Content starts

(* Let $X$ be an extremally disconnected topological space satisfying $S_1(s\mathcal{O},s\mathcal{O})$. Let $\mathcal{V}_1,\mathcal{V}_2,\dots$ be nonempty finite families of semi-open subsets of $X$ such that for each $x\in X$ we have $x\in\bigcup\mathcal{V}_n$ for infinitely many $n$. Then there are $U_1\in\mathcal{V}_1, U_2\in\mathcal{V}_2,\dots$ such that $\{U_1,U_2,\dots\}$ covers $X$.
   Context: A subset $A$ of a topological space $X$ is semi-open if $A\subseteq \mathrm{Cl}(\mathrm{Int}(A))$; a semi-open cover is a cover by semi-open sets. A space is extremally disconnected if the closure of every open set is open. $X$ satisfies $S_1(s\mathcal{O},s\mathcal{O})$ (is semi-Rothberger) if for each sequence $\langle\mathcal{U}_n:n\in\omega\rangle$ of semi-open covers of $X$ there are $U_n\in\mathcal{U}_n$ ($n\in\omega$) with $\{U_n:n\in\omega\}$ a cover of $X$. *)

From HB Require Import structures.
From mathcomp Require Import all_boot all_order.
From mathcomp Require Import all_classical all_reals topology.
Set Implicit Arguments. Unset Strict Implicit. Unset Printing Implicit Defensive.
Local Open Scope classical_set_scope.

Definition semi_open {X : topologicalType} (A : set X) : Prop :=
  A `<=` closure (interior A).

Definition semi_open_cover {X : topologicalType} (U : set (set X)) : Prop :=
  (forall A, U A -> semi_open A) /\ (forall x : X, exists2 A, U A & A x).

Definition extremally_disconnected (X : topologicalType) : Prop :=
  forall U : set X, open U -> open (closure U).

Definition semi_Rothberger (X : topologicalType) : Prop :=
  forall Us : nat -> set (set X), (forall n, semi_open_cover (Us n)) ->
  exists U : nat -> set X, (forall n, Us n (U n)) /\
    (forall x : X, exists n, U n x).

From HB Require Import structures.
From mathcomp Require Import all_boot all_order finmap.
From mathcomp Require Import all_classical all_reals topology.
Set Implicit Arguments. Unset Strict Implicit. Unset Printing Implicit Defensive.
Local Open Scope classical_set_scope.

(* For m : nat let W_m be the family of all intersections
   V_{n_0}-member ∩ ... ∩ V_{n_k}-member taken over a list of at least m+1
   DISTINCT indices n_0, ..., n_k.
   - In an extremally disconnected space finite intersections of semi-open
     sets are semi-open, so each W_m consists of semi-open sets; and since
     every point lies in ⋃V_n for infinitely many n, each W_m covers X.
   - Semi-Rothbergerness picks P_m ∈ W_m (with index list S_m) covering X.
   - As S_m has more than m distinct entries, one can choose INJECTIVELY an
     index r(m) ∈ S_m (a greedy system of distinct representatives).
   - Put U_{r(m)} := the V_{r(m)}-member used in P_m, and choose U_n ∈ V_n
     arbitrarily for n outside the range of r.  Then P_m ⊆ U_{r(m)}, so the
     U_n cover X. *)

Lemma semi_openT (X : topologicalType) : semi_open (@setT X).
Proof. by rewrite /semi_open interiorT closureT. Qed.

(* In an extremally disconnected space the intersection of two semi-open
   sets is semi-open: Cl(Int A) is open, so a neighbourhood of a point of
   A ∩ B can be shrunk inside Cl(Int A) and then inside Int B. *)
Lemma semi_openI (X : topologicalType) (A B : set X) :
  extremally_disconnected X -> semi_open A -> semi_open B ->
  semi_open (A `&` B).
Proof.
move=> ED hA hB x [Ax Bx] N; rewrite nbhsE => -[O [oO Ox] ON].
have oClA := ED _ (@open_interior _ A).
have [y [intBy [Oy ClAy]]] := hB x Bx (O `&` closure (interior A))
  (open_nbhs_nbhs (conj (openI oO oClA) (conj Ox (hA x Ax)))).
have [z [intAz [Oz intBz]]] := ClAy (O `&` interior B)
  (open_nbhs_nbhs (conj (openI oO (@open_interior _ B)) (conj Oy intBy))).
by exists z; split; [rewrite interiorI | apply: ON].
Qed.

Lemma semi_open_bigcap_seq (X : topologicalType) (I : choiceType) (s : seq I)
    (F : I -> set X) :
  extremally_disconnected X -> (forall i, i \in s -> semi_open (F i)) ->
  semi_open (\bigcap_(i in [set` s]) F i).
Proof.
move=> ED hF; rewrite bigcap_seq big_seq.
apply: (big_ind semi_open (@semi_openT X)) => [A B|i /hF //].
exact: semi_openI.
Qed.

Section DistinctRepresentatives.
Variable S : nat -> seq nat.

Definition first_fresh (used : seq nat) (m : nat) : nat :=
  head 0 [seq n <- S m | n \notin used].

Fixpoint used_reps (m : nat) : seq nat :=
  if m is m'.+1 then rcons (used_reps m') (first_fresh (used_reps m') m')
  else [::].

Definition rep (m : nat) : nat := first_fresh (used_reps m) m.

Lemma size_used_reps m : size (used_reps m) = m.
Proof. by elim: m => //= m IH; rewrite size_rcons IH. Qed.

Lemma rep_used i m : i < m -> rep i \in used_reps m.
Proof.
elim: m => // m IH; rewrite ltnS leq_eqVlt => /orP [/eqP -> | /IH used_i] /=;
  by rewrite mem_rcons in_cons ?eqxx ?used_i ?orbT.
Qed.

Hypothesis S_large : forall m, uniq (S m) /\ m < size (S m).

(* A list of m+1 distinct entries cannot be contained in the m used ones. *)
Lemma rep_fresh m : rep m \in S m /\ rep m \notin used_reps m.
Proof.
rewrite /rep /first_fresh.
case E: [seq n <- S m | n \notin used_reps m] => [|a l] /=.
  have [uS szS] := S_large m; exfalso.
  have sub : {subset S m <= used_reps m}.
    move=> n nS; apply: contraT => n_new.
    by have := mem_filter (fun n => n \notin used_reps m) n (S m);
       rewrite E nS n_new.
  by have := uniq_leq_size uS sub; rewrite size_used_reps leqNgt szS.
have : a \in [seq n <- S m | n \notin used_reps m] by rewrite E mem_head.
by rewrite mem_filter => /andP [].
Qed.

Lemma distinct_representatives :
  exists r : nat -> nat, injective r /\ forall m, r m \in S m.
Proof.
exists rep; split=> [i j|m]; last exact: (rep_fresh m).1.
case: (ltngtP i j) => // ij eq_rep.
  by have := (rep_fresh j).2; rewrite -eq_rep rep_used.
by have := (rep_fresh i).2; rewrite eq_rep rep_used.
Qed.
End DistinctRepresentatives.

Lemma extend_along_injection (A B C : Type) (r : A -> B) (P : B -> C -> Prop)
    (F : A -> C) :
  injective r -> (forall b, exists c, P b c) -> (forall a, P (r a) (F a)) ->
  exists U : B -> C, (forall b, P b (U b)) /\ forall a, U (r a) = F a.
Proof.
move=> r_inj Pex PF.
have /choice [U hU] : forall b, exists c, P b c /\
    forall a, r a = b -> c = F a.
  move=> b; case: (pselect (exists a, r a = b)) => [[a <-]|no_a].
    by exists (F a); split=> // a' /r_inj ->.
  have [c Pc] := Pex b; exists c; split=> // a ra_b.
  by exfalso; apply: no_a; exists a.
by exists U; split=> [b|a]; [exact: (hU b).1 | exact: (hU (r a)).2].
Qed.

Section SelectedIntersections.
Variables (X : topologicalType) (V : nat -> set (set X)).

Definition selected_intersections (m : nat) : set (set X) :=
  [set P | exists (s : seq nat) (f : nat -> set X),
     [/\ uniq s, m < size s, (forall n, n \in s -> V n (f n)) &
         P = \bigcap_(n in [set` s]) f n]].

Lemma selected_intersections_semi_open :
  extremally_disconnected X -> (forall n A, V n A -> semi_open A) ->
  forall m P, selected_intersections m P -> semi_open P.
Proof.
move=> ED Vsemi m P [s [f [_ _ Vf ->]]].
by apply: semi_open_bigcap_seq => // n /Vf /Vsemi.
Qed.

(* A point lies in some member of V n for infinitely many n, in particular
   for more than m of them; on those indices choose a member containing it. *)
Lemma selected_intersections_cover :
  (forall n, V n !=set0) ->
  (forall x : X, infinite_set [set n | exists2 A, V n A & A x]) ->
  forall (m : nat) (x : X), exists2 P, selected_intersections m P & P x.
Proof.
move=> Vne Vinf m x.
have [s s_sub m_lt] := infinite_set_fset m.+1 (Vinf x).
have /choice [f hf] : forall n, exists B,
    V n B /\ ((exists2 A, V n A & A x) -> B x).
  move=> n; case: (pselect (exists2 A, V n A & A x)) => [[A VA Ax]|no_A].
    by exists A.
  by have [A VA] := Vne n; exists A; split=> // /no_A.
exists (\bigcap_(n in [set` s]) f n).
  by exists s, f; split=> //; [exact: fset_uniq | move=> n _; exact: (hf n).1].
by move=> n /s_sub /(hf n).2.
Qed.
End SelectedIntersections.

Theorem lemma6 (X : topologicalType) (V : nat -> set (set X)) :
  extremally_disconnected X -> semi_Rothberger X ->
  (forall n, finite_set (V n) /\ V n !=set0 /\
             (forall A, V n A -> semi_open A)) ->
  (forall x : X, infinite_set [set n | exists2 A, V n A & A x]) ->
  exists U : nat -> set X, (forall n, V n (U n)) /\
    (forall x : X, exists n, U n x).
Proof.
move=> ED SR HV Vinf.
have Vne n : V n !=set0 by have [_ []] := HV n.
have Vsemi n A : V n A -> semi_open A by have [_ [_]] := HV n; apply.
have [P [P_sel P_cov]] := SR (selected_intersections V) (fun m =>
  conj (selected_intersections_semi_open ED Vsemi (m := m))
       (selected_intersections_cover Vne Vinf m)).
have /choice [Sf hSf] : forall m, exists sf : seq nat * (nat -> set X),
    [/\ uniq sf.1, m < size sf.1,
        forall n, n \in sf.1 -> V n (sf.2 n) &
        P m = \bigcap_(n in [set` sf.1]) sf.2 n].
  by move=> m; have [s [f]] := P_sel m; exists (s, f).
have [r [r_inj r_in]] := distinct_representatives (S := fun m => (Sf m).1)
  (fun m => let: And4 u sz _ _ := hSf m in conj u sz).
have [U [VU U_r]] := extend_along_injection (F := fun m => (Sf m).2 (r m))
  r_inj Vne (fun m => let: And4 _ _ Vf _ := hSf m in Vf _ (r_in m)).
exists U; split=> // x; have [m Pmx] := P_cov x.
exists (r m); rewrite U_r; case: (hSf m) => _ _ _ Pm.
by move: Pmx; rewrite Pm; apply; exact: r_in.
Qed.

Content ends

→ Task instructions: When a line in the records holds the string "member", copy that line.

→ Reply to the exercise:
   V_{n_0}-member ∩ ... ∩ V_{n_k}-member taken over a list of at least m+1
   - Put U_{r(m)} := the V_{r(m)}-member used in P_m, and choose U_n ∈ V_n
(* A point lies in some member of V n for infinitely many n, in particular
   for more than m of them; on those indices choose a member containing it. *)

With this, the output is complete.